(* Let $k\ge 1$ and $s>2^{k-1}(2^k+1)$ be integers. Let $H$ be any graph obtained from the vertex-disjoint union of $s$ cliques $K(0),K(1),\dots,K(s-1)$, each on $2k+1$ vertices, by adding, for each $0\le i\le s-1$, a matching $M_i$ of $k$ edges between $K(i)$ and $K(i+1)$, where $K(s)=K(0)$. Then the edge connectivity of $H$ is $2k$ and $m(H)=2^k$.
   Context: All graphs are finite and simple. The edge connectivity is the minimum number of edges whose removal disconnects the graph. For graphs $G_1=(V,E_1)$, $G_2=(V,E_2)$, their symmetric difference is $(V,E_1\oplus E_2)$, where $E_1\oplus E_2$ is the set of edges in exactly one of $E_1,E_2$. A connectivity code for $H=(V,E)$ is a collection of distinct spanning subgraphs $(V,E')$, $E'\subseteq E$, such that the symmetric difference of any two distinct members is a connected graph on $V$; $m(H)$ is the maximum cardinality of a connectivity code for $H$. *)

From mathcomp Require Import all_boot.
Set Implicit Arguments. Unset Strict Implicit. Unset Printing Implicit Defensive.

(* A finite simple graph on a finType V is given by its edge set
   E : {set {set V}}, each edge being a 2-element subset of V. *)

Section Graphs.
Variable V : finType.

Definition adj_of (F : {set {set V}}) : rel V := fun x y => [set x; y] \in F.

Definition connectedb (F : {set {set V}}) : bool :=
  [forall x, forall y, connect (adj_of F) x y].

(* edge connectivity: minimum number of edges whose removal disconnects
   the graph (default #|E| if no such set exists, irrelevant here) *)
Definition edge_connectivity (E : {set {set V}}) : nat :=
  \big[minn/#|E|]_(F in powerset E | ~~ connectedb (E :\: F)) #|F|.

Definition symdiff (A B : {set {set V}}) : {set {set V}} := (A :\: B) :|: (B :\: A).

(* a connectivity code for (V,E): a collection of (distinct) spanning
   subgraphs (identified with their edge sets F \subset E) such that the
   symmetric difference of any two distinct members is connected *)
Definition is_conn_code (E : {set {set V}}) (C : {set {set {set V}}}) : bool :=
  [forall F in C, F \subset E] &&
  [forall F1 in C, forall F2 in C, (F1 != F2) ==> connectedb (symdiff F1 F2)].

Definition m_code (E : {set {set V}}) : nat :=
  \max_(C : {set {set {set V}}} | is_conn_code E C) #|C|.

End Graphs.

(* The vertex type of H: clique index i < s and position a < 2k+1. *)
Definition HV (s k : nat) : finType := ('I_s * 'I_(2 * k + 1))%type.

Definition clique_edges (s k : nat) : {set {set HV s k}} :=
  [set e | [exists i : 'I_s, exists a : 'I_(2 * k + 1), exists b : 'I_(2 * k + 1),
     (a != b) && (e == [set ((i, a) : HV s k); (i, b)])]].

Definition is_matching_between (s k : nat) (i : 'I_s) (M : {set {set HV s k}}) : Prop :=
  [/\ #|M| = k,
      (forall e, e \in M -> exists a b : 'I_(2 * k + 1),
          e = [set ((i, a) : HV s k); (ordS i, b)])
    & (forall e f, e \in M -> f \in M -> e != f -> [disjoint e & f])].

Definition H_edges (s k : nat) (M : 'I_s -> {set {set HV s k}}) : {set {set HV s k}} :=
  clique_edges s k :|: \bigcup_(i : 'I_s) M i.

(* The matchings [M i] are the only edges between consecutive cliques, so [M i :|: M j] is a cut
   of 2k edges for i != j. Conversely K_(2k+1) survives the deletion of fewer than 2k edges, and
   such a deletion empties at most one matching, which leaves the cliques joined along a path.

   If a code has more than 2^k members, pigeonhole among 2^k + 1 of them yields, for each i, two
   members agreeing on [M i]. Distinct i, j cannot yield the same pair: its symmetric difference
   would avoid the cut [M i :|: M j]. Hence s <= C(2^k + 1, 2) = 2^(k-1) (2^k + 1).

   Conversely the edges split into k edge-disjoint connected spanning pieces, each taking one edge
   of every matching and a spanning subgraph of every clique; the 2^k unions of pieces form a
   code. *)

From HB Require Import structures.
From mathcomp Require Import all_boot zify.
Set Implicit Arguments. Unset Strict Implicit. Unset Printing Implicit Defensive.

(* Lets [bigD1] split the [\big[minn/_]] defining [edge_connectivity]. *)
HB.instance Definition _ := SemiGroup.isComLaw.Build nat minn minnA minnC.

Section EdgeSets.
Variable V : finType.
Implicit Types (E F G X : {set {set V}}) (C : {set {set {set V}}}).

Lemma adj_of_sym F : symmetric (adj_of F).
Proof. by move=> x y; rewrite /adj_of setUC. Qed.

Lemma connect_adj_of_sym F x y : connect (adj_of F) x y = connect (adj_of F) y x.
Proof. exact/sym_connect_sym/adj_of_sym. Qed.

Lemma connect_adj_of_sub F G x y :
  F \subset G -> connect (adj_of F) x y -> connect (adj_of G) x y.
Proof.
move=> sFG; apply: connect_sub => u v uv; apply: connect1.
exact: (subsetP sFG).
Qed.

Lemma connectedb_sub F G : F \subset G -> connectedb F -> connectedb G.
Proof.
move=> sFG /forallP cF; apply/forallP => x; apply/forallP => y.
exact/(connect_adj_of_sub sFG)/forallP.
Qed.

Lemma set2_eq (x y x' y' : V) :
  [set x; y] = [set x'; y'] -> (x = x' /\ y = y') \/ (x = y' /\ y = x').
Proof.
move=> eq.
have /set2P xx' : x \in [set x'; y'] by rewrite -eq set21.
have /set2P yy' : y \in [set x'; y'] by rewrite -eq set22.
have /set2P x'x : x' \in [set x; y] by rewrite eq set21.
have /set2P y'y : y' \in [set x; y] by rewrite eq set22.
by case: xx' yy' x'x y'y => ? [] ? [] ? [] ?; subst; auto.
Qed.

Lemma connect_closed_set F (S : {pred V}) x y :
  (forall u v, [set u; v] \in F -> u \in S -> v \in S) ->
  connect (adj_of F) x y -> x \in S -> y \in S.
Proof.
move=> noexit xy xS; suff clS : closed (adj_of F) S by rewrite -(closed_connect clS xy).
by move=> u v uv; apply/idP/idP; apply: noexit; rewrite // /adj_of setUC.
Qed.

(* The edge [ab] and the paths [a z b] (z in Z) are edge-disjoint, so [F] must hit each of them. *)
Lemma connect_common_neighbours E F (Z : {set V}) a b :
  a != b -> a \notin Z -> b \notin Z -> [set a; b] \in E ->
  (forall z, z \in Z -> [set a; z] \in E /\ [set z; b] \in E) ->
  #|F| <= #|Z| -> connect (adj_of (E :\: F)) a b.
Proof.
move=> ab aZ bZ abE zE cardF; apply: contraT => nab.
pose g z := if z == b then [set a; b] else if [set a; z] \in F then [set a; z] else [set z; b].
have gF z : z \in b |: Z -> g z \in F.
  rewrite /g; case: eqP => [_ _|_ /setU1P[//|/zE[azE zbE]]].
    by apply: contraT => abF; case/negP: nab; apply: connect1; rewrite /adj_of inE abF.
  case: ifP => // azF; apply: contraT => zbF; case/negP: nab.
  apply: (@connect_trans _ _ z); apply: connect1; rewrite /adj_of inE ?azF ?zbF //.
have gmem z z' : z \in b |: Z -> z' \in Z -> z' \in g z -> z' = z.
  move=> _ z'Z; rewrite /g; case: eqP => _; last case: ifP => _.
  - by case/set2P=> eqz'; move: z'Z; rewrite eqz' ?(negbTE aZ) ?(negbTE bZ).
  - by case/set2P=> // eqz'; move: z'Z; rewrite eqz' (negbTE aZ).
  - by case/set2P=> // eqz'; move: z'Z; rewrite eqz' (negbTE bZ).
have gz z : z \in Z -> z \in g z.
  move=> zZ; rewrite /g; case: eqP => [eqzb|_]; first by move: bZ; rewrite -eqzb zZ.
  by case: ifP; rewrite ?set21 ?set22.
have g_inj : {in b |: Z &, injective g}.
  move=> z1 z2 /setU1P[->|z1Z] /setU1P[->|z2Z] // eqg.
  - by apply: esym; apply: gmem (z2Z) _; rewrite ?setU11 // eqg gz.
  - by apply: gmem (z1Z) _; rewrite ?setU11 // -eqg gz.
  - by apply: gmem (z1Z) _; rewrite ?setU1r // -eqg gz.
have : g @: (b |: Z) \subset F by apply/subsetP => _ /imsetP[z zZ ->]; apply: gF.
by move/subset_leq_card; rewrite card_in_imset // cardsU1 bZ ltnNge cardF.
Qed.

Lemma edge_connectivity_le E F :
  F \subset E -> ~~ connectedb (E :\: F) -> edge_connectivity E <= #|F|.
Proof.
by move=> sFE ncF; rewrite /edge_connectivity (bigD1 F) ?geq_minl // inE sFE.
Qed.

-------

■ DIRECTIONS ■
What you return must be an exact retyping of the lines above starting at the line with "by apply: contraT" and ending at the line with "- by case/set2P=> eqz';", and nothing besides.

■ EXERCISE SOLUTION ■
    by apply: contraT => abF; case/negP: nab; apply: connect1; rewrite /adj_of inE abF.
  case: ifP => // azF; apply: contraT => zbF; case/negP: nab.
  apply: (@connect_trans _ _ z); apply: connect1; rewrite /adj_of inE ?azF ?zbF //.
have gmem z z' : z \in b |: Z -> z' \in Z -> z' \in g z -> z' = z.
  move=> _ z'Z; rewrite /g; case: eqP => _; last case: ifP => _.
  - by case/set2P=> eqz'; move: z'Z; rewrite eqz' ?(negbTE aZ) ?(negbTE bZ).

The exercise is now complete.